Trade’s relationship with poverty is variable and complex. Increased trade benefits consumers by reducing the prices of goods and services. It gives the poor access to a wider variety of commodities, while providing firms with a more diverse selection of inputs.

But increased trade can also eliminate low-skill factory jobs and reduce agricultural prices – outcomes that disproportionately hurt the poor. In India, for example, poverty has declined more slowly in areas where farmers face increased foreign competition. Given constraints on inter-sectoral labor mobility, stemming from barriers to skills acquisition and rigid labor-market regulations, the poorest workers have few options when such changes occur.

As a result, increased trade may demand difficult adjustments in the short term. Individuals may need to change their consumption habits; labor may have to be reallocated across sectors; and some workers may have to adjust to lower wages, at least temporarily. Some firms will grow, while others will contract.

Experience has demonstrated that, with forward-looking policies, governments can enhance trade’s benefits and mitigate its negative impact on the poor. Policymakers can promote retraining programs for displaced workers and remove regulatory obstacles that impede their flow into thriving, export-oriented sectors. And, in order to protect farmers, they can eliminate export restrictions and ensure that timely, accurate market information is accessible.

With such policies in place, the World Bank’s efforts to bolster developing countries’ trade linkages could facilitate substantial poverty reduction. For example, we help developing-country governments connect firms, farmers, and households to markets and supply chains, thereby fostering increased investment and boosting economic activity.

Furthermore, we support infrastructure-development projects, enabling countries to build the roads, bridges, and ports that link traders to markets. For example, a $1.8 billion highway project in Kazakhstan is facilitating trade-related transport across the country, stimulating the economies of the country’s poorest provinces, and creating more than 30,000 jobs. In Nepal, the Bank is financing reconstruction of the steep, dangerous, and busy road that carries most of the country’s exports to India, and it is supporting the government’s efforts to connect some of the country’s remotest districts to the main road network.

The World Bank also helps countries to establish clear customs rules that more effectively protect traders from inconsistent treatment or solicitations for bribes. And we are working to address costly border inefficiencies. For example, we are helping to simplify and modernize trade procedures through Cameroon’s Douala port, and we have helped the government of Laos to establish an online portal that provides traders with access to all relevant laws, procedures, schedules, and forms from border-management agencies.

Moreover, since 2010, the International Finance Corporation, the Bank’s private-sector lending arm, has been promoting the integration of small and medium-size enterprises into global supply chains by increasing their access to capital.
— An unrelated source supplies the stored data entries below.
Lemma longest_path_head_chord x0 V P :
  longest_path_in V P -> 1 < #|nbhd e V (nth x0 P 0)| ->
  exists2 i, 1 < i < size P & e (nth x0 P 0) (nth x0 P i).
Proof.
move=> PV /card_gt1P[y1 [y2 [y1N y2N y1y2]]].
have [y [yV ey y1P]] : exists y, [/\ y \in V, e (nth x0 P 0) y & y != nth x0 P 1].
  move: y1N y2N; rewrite !inE => /andP[y1V e1] /andP[y2V e2].
  have [y1P|] := eqVneq y1 (nth x0 P 1); last by exists y1.
  by exists y2; rewrite -y1P eq_sym.
have yP := longest_path_head_nbr PV yV ey.
exists (index y P); last by rewrite nth_index.
by rewrite (head_nbr_index_gt1 yP ey y1P) index_mem.
Qed.

End LongestPaths.

Section NoEvenCycle.
Variables (T : finType) (e : rel T).
Hypotheses (e_sym : symmetric e) (e_irr : irreflexive e).
Hypothesis cycle_odd : forall s, is_cycle e s -> odd (cycle_length s).
Hypothesis cycles_share_edge : forall s1 s2, is_cycle e s1 -> is_cycle e s2 ->
  ~~ [disjoint cycle_edges s1 & cycle_edges s2].
Implicit Types (V : {set T}) (P s : seq T).

Lemma three_cycles_odd_size s1 s2 s3 :
  is_cycle e s1 -> is_cycle e s2 -> is_cycle e s3 ->
  odd (size s1 + size s2 + size s3).
Proof. by move=> /cycle_odd o1 /cycle_odd o2 /cycle_odd o3; rewrite !oddD o1 o2 o3. Qed.

Lemma no_cycles_one_common_vertex s1 s2 c :
  is_cycle e s1 -> is_cycle e s2 -> (forall z, z \in s1 -> z \in s2 -> z = c) ->
  False.
Proof.
move=> C1 C2 common; apply: (negP (cycles_share_edge C1 C2)).
rewrite -setI_eq0; apply/eqP/setP => E; rewrite !inE; apply/negbTE/negP.
case/andP=> /imsetP[x x1 ->] /imsetP[y y2 E12].
have nx1 : next s1 x \in s1 by rewrite mem_next.
have in2 z : z \in [set x; next s1 x] -> z \in s2.
  by rewrite E12 !inE => /orP[]/eqP->; rewrite ?mem_next.
have cx : x = c by apply: common x1 (in2 _ _); rewrite !inE eqxx.
have cnx : next s1 x = c by apply: common nx1 (in2 _ _); rewrite !inE eqxx orbT.
have /and3P[_ _ cyc1] := C1; have := next_cycle cyc1 x1.
by rewrite cnx {1}cx e_irr.
Qed.

Lemma no_two_head_chords x0 P i l :
  sorted e P -> uniq P -> 1 < i -> i < l -> l < size P ->
  e (nth x0 P 0) (nth x0 P i) -> e (nth x0 P 0) (nth x0 P l) -> False.
Proof.
move=> sP uP lt1i ltil ltlP ei el.
have Ci : is_cycle e (segment P 0 i).
  by apply: (@segment_cycle _ _ x0) => //; [lia | rewrite e_sym].
have Cl : is_cycle e (segment P 0 l).
  by apply: (@segment_cycle _ _ x0) => //; [lia | rewrite e_sym].
have Cil : is_cycle e (nth x0 P 0 :: segment P i l).
  have P0 : 0 < size P by apply: leq_ltn_trans ltlP.
  apply: (@is_cycle_sorted _ _ x0).
  - rewrite /= uniq_segment // andbT; apply/negP => /(mem_segment uP ltlP)[_].
    by rewrite index_uniq //; lia.
  - by rewrite /= size_segment //; lia.
  - apply: (@sorted_cat_link _ _ x0 [:: _]); rewrite ?sorted_segment //=.
    by rewrite (head_segment _ x0) //; lia.
  by rewrite /= (last_segment _ x0) //; [rewrite e_sym | lia].
by have := three_cycles_odd_size Ci Cl Cil; rewrite /= !size_segment //; lia.
Qed.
The $500 million Global Trade Supplier Finance program, a joint investment and advisory initiative, is currently providing short-term finance to thousands of emerging-market SMEs.

In order to maximize the impact of such initiatives, world leaders should cooperate to build and maintain an open trading system. The WTO’s Bali conference provided an important opportunity to develop a new trade-facilitation agreement that expedites the movement, release, and clearance of goods at border stations; clarifies and improves trade-related rules; enhances technical assistance; and encourages cooperation among border-control agencies.

Mahmoud Mohieldin is the World Bank President’s Special Envoy.